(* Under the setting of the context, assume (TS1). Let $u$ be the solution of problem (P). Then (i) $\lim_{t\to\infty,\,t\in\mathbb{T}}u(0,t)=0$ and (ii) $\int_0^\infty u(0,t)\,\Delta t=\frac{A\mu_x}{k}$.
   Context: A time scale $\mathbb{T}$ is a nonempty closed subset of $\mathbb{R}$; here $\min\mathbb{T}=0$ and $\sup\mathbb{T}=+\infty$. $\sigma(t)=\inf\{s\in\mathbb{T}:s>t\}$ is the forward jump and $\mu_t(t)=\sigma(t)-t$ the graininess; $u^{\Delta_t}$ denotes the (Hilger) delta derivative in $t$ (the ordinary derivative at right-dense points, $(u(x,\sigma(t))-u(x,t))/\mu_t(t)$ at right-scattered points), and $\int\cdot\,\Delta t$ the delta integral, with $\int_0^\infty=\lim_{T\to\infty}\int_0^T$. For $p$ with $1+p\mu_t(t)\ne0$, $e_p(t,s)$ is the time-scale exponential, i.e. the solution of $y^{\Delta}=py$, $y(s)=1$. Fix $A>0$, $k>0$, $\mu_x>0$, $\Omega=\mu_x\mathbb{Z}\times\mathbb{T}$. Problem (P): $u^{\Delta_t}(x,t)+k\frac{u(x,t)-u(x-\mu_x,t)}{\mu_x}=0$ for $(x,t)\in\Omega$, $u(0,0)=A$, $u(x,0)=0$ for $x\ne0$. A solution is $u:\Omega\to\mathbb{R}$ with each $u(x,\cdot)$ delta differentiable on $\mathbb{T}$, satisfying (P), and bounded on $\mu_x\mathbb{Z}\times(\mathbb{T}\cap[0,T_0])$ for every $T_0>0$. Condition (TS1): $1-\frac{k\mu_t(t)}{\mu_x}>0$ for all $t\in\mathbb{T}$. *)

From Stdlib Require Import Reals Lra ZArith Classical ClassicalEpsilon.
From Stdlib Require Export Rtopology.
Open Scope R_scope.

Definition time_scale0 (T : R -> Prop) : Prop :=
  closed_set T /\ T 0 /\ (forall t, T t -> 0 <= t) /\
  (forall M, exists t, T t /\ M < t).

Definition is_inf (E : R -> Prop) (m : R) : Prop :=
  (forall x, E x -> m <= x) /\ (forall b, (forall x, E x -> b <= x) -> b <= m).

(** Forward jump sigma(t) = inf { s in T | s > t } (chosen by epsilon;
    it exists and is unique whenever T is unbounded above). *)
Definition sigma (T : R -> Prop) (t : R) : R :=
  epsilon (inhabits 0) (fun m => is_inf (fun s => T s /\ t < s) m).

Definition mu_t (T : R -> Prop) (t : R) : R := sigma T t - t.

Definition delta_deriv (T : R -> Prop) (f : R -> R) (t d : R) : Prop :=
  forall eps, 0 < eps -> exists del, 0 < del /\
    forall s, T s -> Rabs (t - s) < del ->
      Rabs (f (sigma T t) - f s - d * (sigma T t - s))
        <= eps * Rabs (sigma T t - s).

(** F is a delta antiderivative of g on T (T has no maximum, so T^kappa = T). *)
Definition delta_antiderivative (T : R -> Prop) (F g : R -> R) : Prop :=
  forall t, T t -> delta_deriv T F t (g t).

————————

*WHAT YOU NEED TO DO:* Output the lines above exactly, but only those between the line holding "Definition time_scale0 (T" and the line holding "(** Forward jump", inclusive.

*TASK OUTPUT:*
Definition time_scale0 (T : R -> Prop) : Prop :=
  closed_set T /\ T 0 /\ (forall t, T t -> 0 <= t) /\
  (forall M, exists t, T t /\ M < t).

Definition is_inf (E : R -> Prop) (m : R) : Prop :=
  (forall x, E x -> m <= x) /\ (forall b, (forall x, E x -> b <= x) -> b <= m).

(** Forward jump sigma(t) = inf { s in T | s > t } (chosen by epsilon;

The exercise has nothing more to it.